▸ AIM OF THE EXERCISE
Each line of the data that includes the string "least" is to be copied out.

[Stored data]
(* If Lambda_0 = 0, every element has squarefree order (if r^2 divides the
   order n of g, then g^(n/r) is isotropic), and on every elementary abelian
   p-subgroup E the form p * lam is an anisotropic F_p-valued form.  Since every
   binary form a x^2 + b y^2 (a, b <> 0) over F_p is onto, orthogonalizing three
   independent vectors of E would produce an isotropic one; so E has rank at
   most 2 and H = Z_q' (+) Z_q with q | q' squarefree.  On a Sylow subgroup of
   rank 2 the same fact gives an orthogonal basis with lam(g1,g1) = 1/p, and
   anisotropy of e1^2 + beta e2^2 forces beta to be a non-residue, -1 being a
   square mod p = 1 (mod 4).  Conversely, an isotropic element y of prime
   order r either lies in such a Sylow subgroup, where e1^2 + beta e2^2 has no
   non-trivial zero, or generates the cyclic Sylow r-subgroup; then h^(|H|/r)
   is a power of y for every h, and as |H|/r is prime to r, lam(y,h) = 0,
   contradicting non-degeneracy. *)

From HB Require Import structures.
From mathcomp Require Import all_boot all_order all_algebra all_fingroup all_solvable all_field.
From mathcomp Require Import ring zify.
Import GRing.Theory Num.Theory.
Set Implicit Arguments. Unset Strict Implicit. Unset Printing Implicit Defensive.

Definition nonresidue_mod (p : nat) (beta : int) : Prop :=
  forall x : int, ~~ (p%:Z %| (x ^+ 2 - beta)%R)%Z.

Definition nonresidue_diagonal_basis (gT : finGroupType) (lam : gT -> gT -> rat)
    (p : nat) (P : {set gT}) : Prop :=
  exists (g1 g2 : gT) (beta : int),
    [/\ (#[g1] = p)%g, (#[g2] = p)%g, (<[g1]> \x <[g2]> = P)%g, nonresidue_mod p beta &
        forall e1 e2 : nat,
          eqQZ (lam (g1 ^+ e1 * g2 ^+ e2)%g (g1 ^+ e1 * g2 ^+ e2)%g)
               (((e1 ^ 2)%:Z + beta * (e2 ^ 2)%:Z)%:~R / p%:R)%R].

Lemma prod_primes_gt0 (s : seq nat) : all prime s -> 0 < \prod_(p <- s) p.
Proof. by move=> s_pr; rewrite big_seq prodn_cond_gt0 // => p /(allP s_pr)/prime_gt0. Qed.
(* If $G$ and $H$ are connected graphs, then $\chi_{\mu_2}(G\,\square\, H)\ge \max\{\chi_{\mu_2}(G)\rho_2(H),\ \chi_{\mu_2}(H)\rho_2(G)\}$, and this bound is sharp.
   Context: The Cartesian product $G\,\square\, H$ has vertex set $V(G)\times V(H)$, with $(g,h)$ adjacent to $(g',h')$ iff either $g=g'$ and $hh'\in E(H)$, or $gg'\in E(G)$ and $h=h'$. A set $S\subseteq V(G)$ is a $2$-packing if $N_G[u]\cap N_G[v]=\emptyset$ for all distinct $u,v\in S$ (closed neighborhoods); $\rho_2(G)$ is the maximum size of a $2$-packing. A set $M\subseteq V(X)$ is a $2$-distance mutual-visibility set if for every two vertices $u,v\in M$ there exists a shortest $u,v$-path of length at most $2$ none of whose internal vertices lies in $M$. $\chi_{\mu_2}(X)$ is the minimum cardinality of a partition of $V(X)$ into $2$-distance mutual-visibility sets. *)

From mathcomp Require Import all_boot.
Set Implicit Arguments. Unset Strict Implicit. Unset Printing Implicit Defensive.

Record sgraph := SGraph {
  vert :> finType;
  adj : rel vert;
  adj_sym : symmetric adj;
  adj_irr : irreflexive adj }.

Definition connected (G : sgraph) : Prop := forall x y : G, connect (@adj G) x y.

Definition cart_adj (G H : sgraph) : rel (prod (vert G) (vert H)) :=
  fun x y => ((x.1 == y.1) && adj x.2 y.2) || (adj x.1 y.1 && (x.2 == y.2)).

Lemma cart_adj_sym G H : symmetric (@cart_adj G H).
Proof.
move=> [g h] [g' h']; rewrite /cart_adj /= (eq_sym g) (eq_sym h).
by rewrite (adj_sym h) (adj_sym g).
Qed.

Lemma cart_adj_irr G H : irreflexive (@cart_adj G H).
Proof. by move=> [g h]; rewrite /cart_adj /= !adj_irr !andbF andFb. Qed.

Definition cartesian (G H : sgraph) : sgraph :=
  SGraph (@cart_adj_sym G H) (@cart_adj_irr G H).

Definition closed_nbhd (G : sgraph) (u : G) : {set G} :=
  [set x | (x == u) || adj u x].

Definition two_packing (G : sgraph) (S : {set G}) : bool :=
  [forall u in S, forall v in S,
     (u != v) ==> [disjoint closed_nbhd u & closed_nbhd v]].

Definition rho2 (G : sgraph) : nat :=
  \max_(S : {set G} | two_packing S) #|S|.

(* 2-distance mutual-visibility set: for distinct u, v in M there is a
   shortest u,v-path of length <= 2 with no internal vertex in M, i.e.
   u, v adjacent, or non-adjacent with a common neighbour outside M. *)
Definition dmv2 (G : sgraph) (M : {set G}) : bool :=
  [forall u in M, forall v in M, (u != v) ==>
     (adj u v || [exists w, (w \notin M) && adj u w && adj w v])].

(* V(G) can be partitioned into (at most) k 2-distance mutual-visibility
   sets: a colouring with k colours whose classes are all dmv2 sets
   (empty classes allowed, which does not change the minimum). *)
Definition dmv2_colorable (G : sgraph) (k : nat) : bool :=
  [exists f : {ffun G -> 'I_k}, forall i : 'I_k, dmv2 [set x | f x == i]].

Lemma dmv2_colorable_ex (G : sgraph) : exists k, dmv2_colorable G k.
Proof.
exists #|G|; apply/existsP; exists [ffun x => enum_rank x].
apply/forallP => i; apply/forallP => u; apply/implyP => Hu.
apply/forallP => v; apply/implyP => Hv; apply/implyP => Huv.
rewrite !inE !ffunE in Hu Hv.
have E : u = v by apply: enum_rank_inj; rewrite (eqP Hu) (eqP Hv).
by rewrite E eqxx in Huv.
Qed.

Definition chi_mu2 (G : sgraph) : nat := ex_minn (dmv2_colorable_ex G).

From mathcomp Require Import all_boot.
Set Implicit Arguments. Unset Strict Implicit. Unset Printing Implicit Defensive.

(* Fix a 2-distance mutual-visibility colouring of G □ H. Two vertices of a
   layer G × {h} have no common neighbour outside that layer, so the colouring
   restricts to one of G and each layer sees at least chi_mu2(G) colours. Two
   vertices of the same colour are at distance at most 2, so their
   H-coordinates have intersecting closed neighbourhoods; hence the layers
   over the vertices of a 2-packing of H use pairwise disjoint colour sets,
   and there are at least chi_mu2(G) * rho2(H) colours. Equality holds for
   K2 □ P3: it has a 2-colouring, while chi_mu2(P3) = 2 (the two leaves only
   see each other through the centre) and rho2(K2) = 1. *)

Lemma sum_card_disjoint_le (I T : finType) (J : {pred I}) (F : I -> {set T}) :
  {in J &, forall i j, i != j -> [disjoint F i & F j]} ->
  \sum_(i in J) #|F i| <= #|T|.
Proof.
move=> disjF; pose F' i := if i \in J then F i else set0.
have disjF' i j : i != j -> [disjoint F' i & F' j].
  rewrite /F' -setI_eq0; case: ifP => Ji; case: ifP => Jj ij;
    rewrite ?setI0 ?set0I // setI_eq0; exact: disjF.
have -> : \sum_(i in J) #|F i| = \sum_i #|F' i|.
  by rewrite big_mkcond; apply: eq_bigr => i _; rewrite /F'; case: ifP; rewrite ?cards0.
have := partition_disjoint_bigcup addn (fun=> 1) disjF'.
rewrite /= sum1_card (eq_bigr (fun i => #|F' i|)) => [<-|i _]; last exact: sum1_card.
exact: max_card.
Qed.

Section Dmv2.

Variable G : sgraph.
Implicit Types (M : {set G}) (u v : G).

Lemma dmv2P M :
  reflect {in M &, forall u v, u != v ->
             adj u v || [exists w, (w \notin M) && adj u w && adj w v]}
          (dmv2 M).
Proof.
apply: (iffP forallP) => [dmvM u v uM vM | dmvM u].
  by move: (dmvM u) => /implyP/(_ uM)/forallP/(_ v)/implyP/(_ vM)/implyP.
apply/implyP => uM; apply/forallP => v; apply/implyP => vM; apply/implyP.
exact: dmvM.
Qed.

Lemma closed_nbhd_refl u : u \in closed_nbhd u.
Proof. by rewrite inE eqxx. Qed.

Lemma two_packing_disjoint (S : {set G}) : two_packing S ->
  {in S &, forall u v, u != v -> [disjoint closed_nbhd u & closed_nbhd v]}.
Proof.
move=> /forallP packS u v uS vS; move: (packS u) => /implyP/(_ uS)/forallP/(_ v).
by move=> /implyP/(_ vS)/implyP.
Qed.

Lemma chi_mu2_min k : dmv2_colorable G k -> chi_mu2 G <= k.
Proof. by rewrite /chi_mu2; case: ex_minnP => m _; apply. Qed.

Lemma chi_mu2_colorable : dmv2_colorable G (chi_mu2 G).
Proof. by rewrite /chi_mu2; case: ex_minnP. Qed.

Lemma chi_mu2_le_card_image (T : finType) (f : G -> T) :
  (forall c, dmv2 [set x | f x == c]) -> chi_mu2 G <= #|[set f x | x : G]|.
Proof.
move=> dmv_f; have im_f x : f x \in [set f x | x : G] by apply: imset_f.
(* [im_f x] is only the default for [enum_rank_in]: [G] may be empty. *)
apply: chi_mu2_min; apply/existsP; exists [ffun x => enum_rank_in (im_f x) (f x)].
apply/forallP => i.
suff -> : [set x | [ffun x => enum_rank_in (im_f x) (f x)] x == i]
        = [set x | f x == enum_val i] by [].
apply/setP => x; rewrite !inE ffunE; apply/eqP/eqP => [<-|fx].
  by rewrite enum_rankK_in.
by apply: enum_val_inj; rewrite enum_rankK_in.
Qed.

Lemma chi_mu2_gt1 v : ~~ dmv2 [set: G] -> 1 < chi_mu2 G.
Proof.
move=> not_dmvT; have /existsP[f dmv_f] := chi_mu2_colorable.
move: f dmv_f; case: (chi_mu2 G) => [|[|//]] f dmv_f; first by case: (f v).
have classT : [set x | f x == ord0] = [set: G] by apply/setP => x; rewrite !inE ord1.
by move: (forallP dmv_f ord0); rewrite classT (negbTE not_dmvT).
Qed.

Lemma two_packing1 u : two_packing [set u].
Proof.
apply/forallP => x; apply/implyP; rewrite inE => /eqP ->.
by apply/forallP => y; apply/implyP; rewrite inE => /eqP ->; rewrite eqxx.
Qed.

Lemma rho2_gt0 u : 0 < rho2 G.
Proof.
rewrite /rho2 -(cards1 u).
exact: (@leq_bigmax_cond _ (@two_packing G) (fun S => #|S|) _ (two_packing1 u)).
Qed.

Lemma rho2_attained : exists2 S : {set G}, two_packing S & #|S| = rho2 G.
Proof.
have : 0 < #|@two_packing G|.
  by apply/card_gt0P; exists set0; rewrite unfold_in; apply/forallP => u; rewrite inE.
case/(eq_bigmax_cond (fun S : {set G} => #|S|)) => S packS eqS.
by exists S; rewrite // /rho2 eqS.
Qed.

End Dmv2.

Lemma dmv2_preimage (G G' : sgraph) (phi : G -> G') (psi : G' -> G) (M : {set G'}) :
  cancel phi psi -> cancel psi phi -> {mono phi : x y / adj x y} ->
  dmv2 M -> dmv2 (phi @^-1: M).
Proof.
move=> phiK psiK phi_adj /dmv2P dmvM; apply/dmv2P => u v; rewrite !inE => uM vM uv.
have /dmvM : phi u != phi v by rewrite (can_eq phiK).
rewrite phi_adj => /(_ uM vM) /orP[-> // | /existsP[w /andP[/andP[wM uw] wv]]].
apply/orP; right; apply/existsP; exists (psi w).
by rewrite inE -!phi_adj psiK wM uw wv.
Qed.

Lemma chi_mu2_le_iso (G G' : sgraph) (phi : G -> G') (psi : G' -> G) :
  cancel phi psi -> cancel psi phi -> {mono phi : x y / adj x y} ->
  chi_mu2 G <= chi_mu2 G'.
Proof.
move=> phiK psiK phi_adj; have /existsP[f dmv_f] := chi_mu2_colorable G'.
apply: chi_mu2_min; apply/existsP; exists [ffun x => f (phi x)]; apply/forallP => i.
have -> : [set x | [ffun x => f (phi x)] x == i] = phi @^-1: [set y | f y == i].
  by apply/setP => x; rewrite !inE ffunE.
exact: dmv2_preimage phiK psiK phi_adj (forallP dmv_f i).
Qed.

Section Cartesian.

Variables G H : sgraph.
Implicit Types (g : G) (h : H) (M : {set cartesian G H}).

Lemma cart_adj_layer g g' h : @adj (cartesian G H) (g, h) (g', h) = adj g g'.
Proof. by rewrite /= /cart_adj /= eqxx adj_irr andbF andbT. Qed.

Lemma cart_adj_offlayer g g' h h' :
  h != h' -> @adj (cartesian G H) (g, h) (g', h') = (g == g') && adj h h'.
Proof. by move=> /negbTE hh'; rewrite /= /cart_adj /= hh' andbF orbF. Qed.

Lemma cart_adj_nbhd (x y : cartesian G H) : adj x y -> y.2 \in closed_nbhd x.2.
Proof.
by rewrite inE => /orP[/andP[_ ->] | /andP[_ /eqP->]]; rewrite ?eqxx ?orbT.
Qed.

Definition layer M h : {set G} := [set g | (g, h) \in M].

Lemma dmv2_layer M h : dmv2 M -> dmv2 (layer M h).
Proof.
move=> /dmv2P dmvM; apply/dmv2P => u v; rewrite !inE => uM vM uv.
have /(dmvM _ _ uM vM) : (u, h) != (v, h) by rewrite xpair_eqE (negbTE uv).
rewrite cart_adj_layer => /orP[-> // | /existsP[[a b] /andP[/andP[abM ua] av]]].
have [eq_bh | bh] := eqVneq b h.
  subst b; rewrite !cart_adj_layer in ua av.
  by apply/orP; right; apply/existsP; exists a; rewrite inE abM ua av.
have hb : h != b by rewrite eq_sym.
rewrite (cart_adj_offlayer _ _ hb) in ua; rewrite (cart_adj_offlayer _ _ bh) in av.
by case/andP: ua => /eqP ua _; case/andP: av => /eqP av _; rewrite ua av eqxx in uv.
Qed.

Lemma dmv2_cart_nbhd_meet M x y : dmv2 M -> x \in M -> y \in M -> x != y ->
  exists2 b, b \in closed_nbhd x.2 & b \in closed_nbhd y.2.
Proof.
move=> /dmv2P dmvM xM yM /(dmvM _ _ xM yM).
case/orP => [xy | /existsP[w /andP[/andP[_ xw] wy]]].
  by exists y.2; [apply: cart_adj_nbhd | apply: closed_nbhd_refl].
by exists w.2; apply: cart_adj_nbhd; rewrite // adj_sym.
Qed.

Section LayerColors.

Variables (k : nat) (f : {ffun cartesian G H -> 'I_k}).
Hypothesis dmv_f : forall i, dmv2 [set x | f x == i].

Definition layer_colors h : {set 'I_k} := [set f (g, h) | g : G].

Lemma chi_mu2_le_layer_colors h : chi_mu2 G <= #|layer_colors h|.
Proof.
apply: chi_mu2_le_card_image => i.
have -> : [set g | f (g, h) == i] = layer [set x | f x == i] h.
  by apply/setP => g; rewrite !inE.
exact: dmv2_layer.
Qed.

Lemma layer_colors_disjoint (S : {set H}) : two_packing S ->
  {in S &, forall h h', h != h' -> [disjoint layer_colors h & layer_colors h']}.
Proof.
move=> packS h h' hS h'S hh'; rewrite disjoint_subset.
apply/subsetP => _ /imsetP[g _ ->]; rewrite inE; apply/imsetP => -[g' _ eq_fg].
have [|||b bh bh'] :=
  dmv2_cart_nbhd_meet (x := (g, h)) (y := (g', h')) (dmv_f (f (g, h))).
- by rewrite inE.
- by rewrite inE eq_fg.
- by rewrite xpair_eqE (negbTE hh') andbF.
by rewrite (disjointFr (two_packing_disjoint packS hS h'S hh') bh) in bh'.
Qed.

End LayerColors.

Lemma chi_mu2_cart_ge_packing (S : {set H}) :
  two_packing S -> chi_mu2 G * #|S| <= chi_mu2 (cartesian G H).
Proof.
move=> packS; have /existsP[f /forallP dmv_f] := chi_mu2_colorable (cartesian G H).
rewrite mulnC -sum_nat_const -[X in _ <= X]card_ord.
apply: leq_trans (sum_card_disjoint_le (layer_colors_disjoint dmv_f packS)).
by apply: leq_sum => h _; apply: chi_mu2_le_layer_colors.
Qed.

Lemma chi_mu2_cart_ge : chi_mu2 G * rho2 H <= chi_mu2 (cartesian G H).
Proof. by have [S packS <-] := rho2_attained H; apply: chi_mu2_cart_ge_packing. Qed.

Lemma chi_mu2_cartC : chi_mu2 (cartesian G H) = chi_mu2 (cartesian H G).
Proof.
have swapK (A B : sgraph) :
    cancel (fun x : cartesian A B => (x.2, x.1)) (fun y => (y.2, y.1)) by case.
have swap_adj (A B : sgraph) :
  {mono (fun x : cartesian A B => (x.2, x.1) : cartesian B A) : x y / adj x y}.
  by move=> x y; rewrite /= /cart_adj /= orbC !(andbC (_ == _)).
by apply/anti_leq/andP; split;
  apply: chi_mu2_le_iso (swapK _ _) (swapK _ _) (swap_adj _ _).
Qed.

End Cartesian.

Lemma chi_mu2_cart_ge_max (G H : sgraph) :
  maxn (chi_mu2 G * rho2 H) (chi_mu2 H * rho2 G) <= chi_mu2 (cartesian G H).
Proof. by rewrite geq_max chi_mu2_cart_ge chi_mu2_cartC chi_mu2_cart_ge. Qed.

Section CompleteStar.

Variable T : finType.

Lemma complete_adj_sym : symmetric (fun x y : T => x != y).
Proof. by move=> x y; rewrite eq_sym. Qed.

Lemma complete_adj_irr : irreflexive (fun x y : T => x != y).
Proof. by move=> x; rewrite eqxx. Qed.

Definition complete := SGraph complete_adj_sym complete_adj_irr.

Definition star_adj (x y : option T) := (x == None) != (y == None).

Lemma star_adj_sym : symmetric star_adj.
Proof. by move=> x y; rewrite /star_adj eq_sym. Qed.

Lemma star_adj_irr : irreflexive star_adj.
Proof. by move=> x; rewrite /star_adj eqxx. Qed.

Definition star := SGraph star_adj_sym star_adj_irr.

Lemma complete_connected : connected complete.
Proof. by move=> x y; have [->|xy] := eqVneq x y; [apply: connect0 | apply: connect1]. Qed.

Lemma star_connected : connected star.
Proof.
have center_to (x : star) : connect (@adj star) None x.
  by case: x => [a|]; [apply: connect1 | apply: connect0].
move=> x y; apply: connect_trans (center_to y).
by rewrite (sym_connect_sym (@adj_sym star)).
Qed.

Lemma star_not_dmv2 (a b : T) : a != b -> ~~ dmv2 [set: star].
Proof.
move=> ab; apply/dmv2P => /(_ (Some a) (Some b)); rewrite !inE.
rewrite (inj_eq Some_inj) ab => /(_ isT isT isT) /=.
by case/existsP => w; rewrite inE.
Qed.

End CompleteStar.

Definition K2P3_color (x : cartesian (complete bool) (star bool)) : bool :=
  (x.2 == Some true) || x.1 && (x.2 == None).

Lemma dmv2_K2P3_color c : dmv2 [set x | K2P3_color x == c].
Proof.
apply/dmv2P => -[a b] [a' b']; rewrite !inE.
case: c a b a' b' => [] [] [[]|] [] [[]|] //= _ _ _; apply/existsP;
  first [by exists (true, None); rewrite inE | by exists (false, None); rewrite inE].
Qed.

Lemma K2P3_sharp :
  chi_mu2 (cartesian (complete bool) (star bool))
  = maxn (chi_mu2 (complete bool) * rho2 (star bool))
         (chi_mu2 (star bool) * rho2 (complete bool)).
Proof.
apply/anti_leq; rewrite chi_mu2_cart_ge_max andbT.
apply: leq_trans (leq_maxr _ _).
have chi_prod : chi_mu2 (cartesian (complete bool) (star bool)) <= 2.
  apply: leq_trans (chi_mu2_le_card_image dmv2_K2P3_color) _.
  by rewrite -card_bool max_card.
have chi_star : 1 < chi_mu2 (star bool).
  exact: chi_mu2_gt1 (None : star bool) (star_not_dmv2 (isT : true != false)).
apply: leq_trans chi_prod _; rewrite -[2]muln1.
by apply: leq_mul => //; apply: (rho2_gt0 (true : complete bool)).
Qed.

Theorem theorem6p2 :
  (forall G H : sgraph, connected G -> connected H ->
     maxn (chi_mu2 G * rho2 H) (chi_mu2 H * rho2 G) <= chi_mu2 (cartesian G H))
  /\
  (exists G H : sgraph, [/\ connected G, connected H,
     1 < #|vert G|, 1 < #|vert H| &
     chi_mu2 (cartesian G H) = maxn (chi_mu2 G * rho2 H) (chi_mu2 H * rho2 G)]).
Proof.
split=> [G H _ _ | ]; first exact: chi_mu2_cart_ge_max.
exists (complete bool), (star bool); split.
- exact: complete_connected.
- exact: star_connected.
- by rewrite card_bool.
- by rewrite card_option card_bool.
exact: K2P3_sharp.
Qed.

▸ RESULT OF THIS TASK
   restricts to one of G and each layer sees at least chi_mu2(G) colours. Two
   and there are at least chi_mu2(G) * rho2(H) colours. Equality holds for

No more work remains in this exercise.